DATA EXCERPTS ->
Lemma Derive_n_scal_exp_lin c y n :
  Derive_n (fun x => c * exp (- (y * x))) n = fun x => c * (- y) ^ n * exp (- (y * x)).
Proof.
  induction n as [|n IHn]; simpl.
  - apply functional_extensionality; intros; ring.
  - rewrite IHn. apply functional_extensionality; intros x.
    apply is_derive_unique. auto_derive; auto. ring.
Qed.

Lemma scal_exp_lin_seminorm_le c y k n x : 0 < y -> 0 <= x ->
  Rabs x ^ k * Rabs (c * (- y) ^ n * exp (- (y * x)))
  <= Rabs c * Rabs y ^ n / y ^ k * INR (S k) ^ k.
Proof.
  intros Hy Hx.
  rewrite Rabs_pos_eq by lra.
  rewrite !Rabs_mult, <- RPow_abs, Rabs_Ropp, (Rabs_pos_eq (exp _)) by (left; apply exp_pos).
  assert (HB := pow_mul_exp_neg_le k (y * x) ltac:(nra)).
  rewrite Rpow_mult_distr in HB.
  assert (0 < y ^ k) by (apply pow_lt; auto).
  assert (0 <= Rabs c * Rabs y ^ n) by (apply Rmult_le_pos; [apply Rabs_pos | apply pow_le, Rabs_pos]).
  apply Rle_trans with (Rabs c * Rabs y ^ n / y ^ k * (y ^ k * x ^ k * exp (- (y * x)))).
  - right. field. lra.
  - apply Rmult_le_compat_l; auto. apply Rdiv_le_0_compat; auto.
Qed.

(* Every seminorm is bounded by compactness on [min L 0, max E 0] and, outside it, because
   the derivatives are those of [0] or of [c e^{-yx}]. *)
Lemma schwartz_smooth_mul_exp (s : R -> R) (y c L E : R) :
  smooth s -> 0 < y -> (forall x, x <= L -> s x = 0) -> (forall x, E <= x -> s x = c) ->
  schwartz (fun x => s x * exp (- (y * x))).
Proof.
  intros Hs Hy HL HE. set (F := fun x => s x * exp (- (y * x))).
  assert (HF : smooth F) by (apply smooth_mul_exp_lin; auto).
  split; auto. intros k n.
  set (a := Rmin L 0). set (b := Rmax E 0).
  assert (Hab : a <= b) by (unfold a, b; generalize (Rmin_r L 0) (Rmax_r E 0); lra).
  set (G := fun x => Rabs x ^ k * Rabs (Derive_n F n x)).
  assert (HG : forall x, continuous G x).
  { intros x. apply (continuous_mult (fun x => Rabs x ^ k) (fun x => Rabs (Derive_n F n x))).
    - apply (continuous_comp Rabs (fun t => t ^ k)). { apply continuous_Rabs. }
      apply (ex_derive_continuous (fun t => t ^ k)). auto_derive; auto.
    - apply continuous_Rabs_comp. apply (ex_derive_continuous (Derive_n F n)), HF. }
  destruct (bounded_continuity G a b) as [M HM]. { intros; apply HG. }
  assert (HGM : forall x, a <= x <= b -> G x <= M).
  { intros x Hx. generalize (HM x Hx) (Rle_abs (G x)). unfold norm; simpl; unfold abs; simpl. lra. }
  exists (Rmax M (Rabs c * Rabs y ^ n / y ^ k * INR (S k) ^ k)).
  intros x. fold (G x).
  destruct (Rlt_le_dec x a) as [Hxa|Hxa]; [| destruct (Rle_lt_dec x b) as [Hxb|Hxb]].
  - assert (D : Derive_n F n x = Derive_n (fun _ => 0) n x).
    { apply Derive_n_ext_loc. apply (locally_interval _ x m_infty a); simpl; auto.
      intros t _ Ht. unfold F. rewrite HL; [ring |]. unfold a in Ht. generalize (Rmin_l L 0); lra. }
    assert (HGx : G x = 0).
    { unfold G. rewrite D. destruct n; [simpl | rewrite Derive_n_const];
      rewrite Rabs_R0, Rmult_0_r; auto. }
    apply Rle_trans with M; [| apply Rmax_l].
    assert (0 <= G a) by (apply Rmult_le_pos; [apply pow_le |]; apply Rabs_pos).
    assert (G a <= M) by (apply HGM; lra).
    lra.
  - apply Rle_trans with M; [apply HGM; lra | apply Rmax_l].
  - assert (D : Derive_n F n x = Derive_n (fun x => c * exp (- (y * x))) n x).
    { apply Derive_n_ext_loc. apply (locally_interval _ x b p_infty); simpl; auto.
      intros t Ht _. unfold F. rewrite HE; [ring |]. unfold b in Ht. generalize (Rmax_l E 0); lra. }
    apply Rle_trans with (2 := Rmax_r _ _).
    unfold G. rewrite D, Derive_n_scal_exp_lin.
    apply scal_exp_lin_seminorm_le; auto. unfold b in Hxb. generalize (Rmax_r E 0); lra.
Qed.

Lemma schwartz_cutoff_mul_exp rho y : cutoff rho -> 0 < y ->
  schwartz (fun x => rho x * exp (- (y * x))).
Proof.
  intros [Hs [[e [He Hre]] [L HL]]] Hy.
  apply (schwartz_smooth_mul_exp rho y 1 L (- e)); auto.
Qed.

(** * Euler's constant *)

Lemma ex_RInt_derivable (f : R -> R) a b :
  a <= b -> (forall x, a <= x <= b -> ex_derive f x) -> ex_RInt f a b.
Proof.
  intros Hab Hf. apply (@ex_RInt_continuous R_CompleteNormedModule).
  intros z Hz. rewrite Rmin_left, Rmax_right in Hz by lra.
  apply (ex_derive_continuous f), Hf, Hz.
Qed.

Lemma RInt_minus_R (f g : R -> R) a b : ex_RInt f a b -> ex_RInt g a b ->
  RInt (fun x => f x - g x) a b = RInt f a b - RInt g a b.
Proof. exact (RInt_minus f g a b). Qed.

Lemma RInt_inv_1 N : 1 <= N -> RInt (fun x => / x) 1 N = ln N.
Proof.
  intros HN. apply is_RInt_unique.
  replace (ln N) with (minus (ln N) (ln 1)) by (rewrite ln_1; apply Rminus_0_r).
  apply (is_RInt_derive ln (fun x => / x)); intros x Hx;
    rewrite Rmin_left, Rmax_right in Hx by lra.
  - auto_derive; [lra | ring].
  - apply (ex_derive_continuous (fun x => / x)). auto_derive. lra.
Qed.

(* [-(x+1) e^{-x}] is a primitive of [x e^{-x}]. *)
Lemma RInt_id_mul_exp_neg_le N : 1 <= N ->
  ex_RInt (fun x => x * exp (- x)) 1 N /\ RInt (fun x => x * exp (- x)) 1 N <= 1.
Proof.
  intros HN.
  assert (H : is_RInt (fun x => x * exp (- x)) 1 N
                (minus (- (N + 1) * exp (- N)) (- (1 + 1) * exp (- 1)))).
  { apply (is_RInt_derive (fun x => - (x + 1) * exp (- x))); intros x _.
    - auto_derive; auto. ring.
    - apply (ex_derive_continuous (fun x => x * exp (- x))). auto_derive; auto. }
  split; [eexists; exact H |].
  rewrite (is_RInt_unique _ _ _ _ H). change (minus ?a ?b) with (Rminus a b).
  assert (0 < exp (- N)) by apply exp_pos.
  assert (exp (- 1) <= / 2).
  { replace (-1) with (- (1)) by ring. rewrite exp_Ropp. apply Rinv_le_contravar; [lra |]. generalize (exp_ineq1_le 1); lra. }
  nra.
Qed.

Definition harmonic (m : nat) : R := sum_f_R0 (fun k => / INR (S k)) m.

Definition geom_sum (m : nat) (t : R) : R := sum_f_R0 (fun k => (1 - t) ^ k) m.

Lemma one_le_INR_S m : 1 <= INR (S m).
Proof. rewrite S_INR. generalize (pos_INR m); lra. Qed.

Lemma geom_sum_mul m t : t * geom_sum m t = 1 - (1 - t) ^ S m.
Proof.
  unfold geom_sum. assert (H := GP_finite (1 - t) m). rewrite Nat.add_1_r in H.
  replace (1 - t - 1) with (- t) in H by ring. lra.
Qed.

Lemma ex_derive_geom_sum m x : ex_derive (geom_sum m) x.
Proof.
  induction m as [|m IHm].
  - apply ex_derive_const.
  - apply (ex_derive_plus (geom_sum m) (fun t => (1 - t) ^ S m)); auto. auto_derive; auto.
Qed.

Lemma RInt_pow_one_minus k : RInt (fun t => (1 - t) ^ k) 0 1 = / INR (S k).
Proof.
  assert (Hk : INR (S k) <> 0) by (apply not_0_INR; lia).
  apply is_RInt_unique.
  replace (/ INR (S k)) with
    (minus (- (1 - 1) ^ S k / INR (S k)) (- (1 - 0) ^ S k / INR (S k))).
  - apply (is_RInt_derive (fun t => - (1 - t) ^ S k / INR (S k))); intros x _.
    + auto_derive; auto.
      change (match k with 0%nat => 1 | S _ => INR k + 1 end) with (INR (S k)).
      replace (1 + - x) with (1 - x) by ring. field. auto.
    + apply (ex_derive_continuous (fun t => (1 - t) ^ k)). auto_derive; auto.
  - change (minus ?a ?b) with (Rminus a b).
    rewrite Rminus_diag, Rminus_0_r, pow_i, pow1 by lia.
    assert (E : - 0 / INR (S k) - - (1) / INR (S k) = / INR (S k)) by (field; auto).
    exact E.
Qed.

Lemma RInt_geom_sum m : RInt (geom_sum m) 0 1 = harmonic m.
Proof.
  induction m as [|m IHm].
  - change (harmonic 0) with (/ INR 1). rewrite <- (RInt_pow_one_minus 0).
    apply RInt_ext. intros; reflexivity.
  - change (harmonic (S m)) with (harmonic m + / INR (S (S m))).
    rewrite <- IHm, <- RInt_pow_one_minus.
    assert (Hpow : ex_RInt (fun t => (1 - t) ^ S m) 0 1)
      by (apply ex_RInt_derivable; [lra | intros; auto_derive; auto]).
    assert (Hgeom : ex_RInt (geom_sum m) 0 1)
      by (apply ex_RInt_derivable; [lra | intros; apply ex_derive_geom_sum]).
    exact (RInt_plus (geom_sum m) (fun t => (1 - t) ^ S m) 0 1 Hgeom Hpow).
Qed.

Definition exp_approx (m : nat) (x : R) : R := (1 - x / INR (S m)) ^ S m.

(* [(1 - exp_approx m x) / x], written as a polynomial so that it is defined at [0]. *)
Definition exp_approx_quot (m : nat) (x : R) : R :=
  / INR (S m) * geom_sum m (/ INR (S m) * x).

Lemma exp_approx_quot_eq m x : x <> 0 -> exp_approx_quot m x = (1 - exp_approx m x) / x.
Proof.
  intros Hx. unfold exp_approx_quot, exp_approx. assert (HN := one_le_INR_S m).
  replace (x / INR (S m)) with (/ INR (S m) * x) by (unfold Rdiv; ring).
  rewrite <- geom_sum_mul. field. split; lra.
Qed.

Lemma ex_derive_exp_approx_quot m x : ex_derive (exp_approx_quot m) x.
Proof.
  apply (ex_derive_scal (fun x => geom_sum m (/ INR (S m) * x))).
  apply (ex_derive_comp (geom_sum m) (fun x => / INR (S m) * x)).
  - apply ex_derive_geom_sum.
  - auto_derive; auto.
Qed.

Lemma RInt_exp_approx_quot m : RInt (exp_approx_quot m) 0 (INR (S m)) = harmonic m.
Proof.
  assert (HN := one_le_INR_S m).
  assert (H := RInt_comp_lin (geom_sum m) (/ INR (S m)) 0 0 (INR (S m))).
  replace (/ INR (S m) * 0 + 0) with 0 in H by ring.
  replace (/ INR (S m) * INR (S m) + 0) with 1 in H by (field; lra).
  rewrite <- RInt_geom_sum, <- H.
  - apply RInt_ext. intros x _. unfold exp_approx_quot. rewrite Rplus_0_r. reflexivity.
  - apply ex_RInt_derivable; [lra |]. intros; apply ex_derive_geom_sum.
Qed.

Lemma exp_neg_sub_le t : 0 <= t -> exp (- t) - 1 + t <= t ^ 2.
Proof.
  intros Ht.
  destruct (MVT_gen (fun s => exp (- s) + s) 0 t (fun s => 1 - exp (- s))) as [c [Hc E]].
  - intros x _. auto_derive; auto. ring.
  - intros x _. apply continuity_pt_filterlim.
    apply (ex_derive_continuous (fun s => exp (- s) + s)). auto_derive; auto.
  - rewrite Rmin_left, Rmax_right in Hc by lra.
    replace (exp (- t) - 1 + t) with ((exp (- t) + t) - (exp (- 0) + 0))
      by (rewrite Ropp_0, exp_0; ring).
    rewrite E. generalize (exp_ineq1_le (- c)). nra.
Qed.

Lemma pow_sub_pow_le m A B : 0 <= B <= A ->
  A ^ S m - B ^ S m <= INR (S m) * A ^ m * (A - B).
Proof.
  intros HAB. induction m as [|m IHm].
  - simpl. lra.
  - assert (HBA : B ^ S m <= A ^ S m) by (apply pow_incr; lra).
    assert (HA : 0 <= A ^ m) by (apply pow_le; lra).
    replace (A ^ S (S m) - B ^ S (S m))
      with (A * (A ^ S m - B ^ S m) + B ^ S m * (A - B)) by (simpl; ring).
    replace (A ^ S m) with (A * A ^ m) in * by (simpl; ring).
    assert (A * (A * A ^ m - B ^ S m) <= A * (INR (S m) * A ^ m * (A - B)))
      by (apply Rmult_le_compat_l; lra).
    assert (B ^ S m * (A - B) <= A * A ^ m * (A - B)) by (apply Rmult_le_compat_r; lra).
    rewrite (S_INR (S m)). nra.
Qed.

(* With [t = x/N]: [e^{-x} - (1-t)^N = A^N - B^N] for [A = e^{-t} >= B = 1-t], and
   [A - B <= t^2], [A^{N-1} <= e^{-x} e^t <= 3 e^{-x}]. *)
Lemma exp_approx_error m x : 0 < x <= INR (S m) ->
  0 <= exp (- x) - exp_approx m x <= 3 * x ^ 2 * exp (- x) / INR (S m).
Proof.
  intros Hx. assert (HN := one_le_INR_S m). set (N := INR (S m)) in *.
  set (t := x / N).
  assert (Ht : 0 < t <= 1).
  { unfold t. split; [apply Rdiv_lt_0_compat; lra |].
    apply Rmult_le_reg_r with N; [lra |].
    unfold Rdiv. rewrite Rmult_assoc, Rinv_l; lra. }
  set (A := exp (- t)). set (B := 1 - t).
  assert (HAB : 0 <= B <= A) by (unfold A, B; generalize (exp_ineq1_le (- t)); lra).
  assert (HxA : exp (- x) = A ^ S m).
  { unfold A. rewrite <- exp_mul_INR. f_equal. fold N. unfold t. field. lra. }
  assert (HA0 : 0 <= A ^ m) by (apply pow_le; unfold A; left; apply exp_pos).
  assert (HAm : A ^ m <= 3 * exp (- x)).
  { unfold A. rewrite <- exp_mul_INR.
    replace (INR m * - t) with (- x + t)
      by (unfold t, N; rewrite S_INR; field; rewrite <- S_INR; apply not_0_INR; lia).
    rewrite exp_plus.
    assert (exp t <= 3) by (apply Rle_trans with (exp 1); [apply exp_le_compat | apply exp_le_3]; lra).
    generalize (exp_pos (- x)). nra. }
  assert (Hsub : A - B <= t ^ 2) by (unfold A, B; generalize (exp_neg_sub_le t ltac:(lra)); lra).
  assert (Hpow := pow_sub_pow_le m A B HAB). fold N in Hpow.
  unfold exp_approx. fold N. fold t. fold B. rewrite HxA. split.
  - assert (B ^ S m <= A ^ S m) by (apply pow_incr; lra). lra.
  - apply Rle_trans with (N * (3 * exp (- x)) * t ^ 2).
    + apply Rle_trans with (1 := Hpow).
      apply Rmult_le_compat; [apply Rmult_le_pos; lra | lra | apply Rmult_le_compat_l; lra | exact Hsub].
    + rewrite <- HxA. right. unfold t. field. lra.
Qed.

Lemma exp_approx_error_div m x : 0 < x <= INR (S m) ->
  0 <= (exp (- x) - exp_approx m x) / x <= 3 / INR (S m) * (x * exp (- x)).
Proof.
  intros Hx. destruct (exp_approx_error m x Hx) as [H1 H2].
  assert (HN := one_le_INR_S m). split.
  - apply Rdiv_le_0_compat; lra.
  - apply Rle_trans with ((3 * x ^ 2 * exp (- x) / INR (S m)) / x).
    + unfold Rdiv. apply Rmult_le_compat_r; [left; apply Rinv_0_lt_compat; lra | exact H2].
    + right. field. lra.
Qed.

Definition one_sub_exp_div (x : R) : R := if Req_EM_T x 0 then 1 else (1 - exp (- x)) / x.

EXERCISE PROMPT -> Please copy the lines above from the line with "apply scal_exp_lin_seminorm_le; auto." up to and including the line with "rewrite Rmin_left, Rmax_right in Hx", exactly as written and with nothing else.

OUTPUT ->
    apply scal_exp_lin_seminorm_le; auto. unfold b in Hxb. generalize (Rmax_r E 0); lra.
Qed.

Lemma schwartz_cutoff_mul_exp rho y : cutoff rho -> 0 < y ->
  schwartz (fun x => rho x * exp (- (y * x))).
Proof.
  intros [Hs [[e [He Hre]] [L HL]]] Hy.
  apply (schwartz_smooth_mul_exp rho y 1 L (- e)); auto.
Qed.

(** * Euler's constant *)

Lemma ex_RInt_derivable (f : R -> R) a b :
  a <= b -> (forall x, a <= x <= b -> ex_derive f x) -> ex_RInt f a b.
Proof.
  intros Hab Hf. apply (@ex_RInt_continuous R_CompleteNormedModule).
  intros z Hz. rewrite Rmin_left, Rmax_right in Hz by lra.
  apply (ex_derive_continuous f), Hf, Hz.
Qed.

Lemma RInt_minus_R (f g : R -> R) a b : ex_RInt f a b -> ex_RInt g a b ->
  RInt (fun x => f x - g x) a b = RInt f a b - RInt g a b.
Proof. exact (RInt_minus f g a b). Qed.

Lemma RInt_inv_1 N : 1 <= N -> RInt (fun x => / x) 1 N = ln N.
Proof.
  intros HN. apply is_RInt_unique.
  replace (ln N) with (minus (ln N) (ln 1)) by (rewrite ln_1; apply Rminus_0_r).
  apply (is_RInt_derive ln (fun x => / x)); intros x Hx;
    rewrite Rmin_left, Rmax_right in Hx by lra.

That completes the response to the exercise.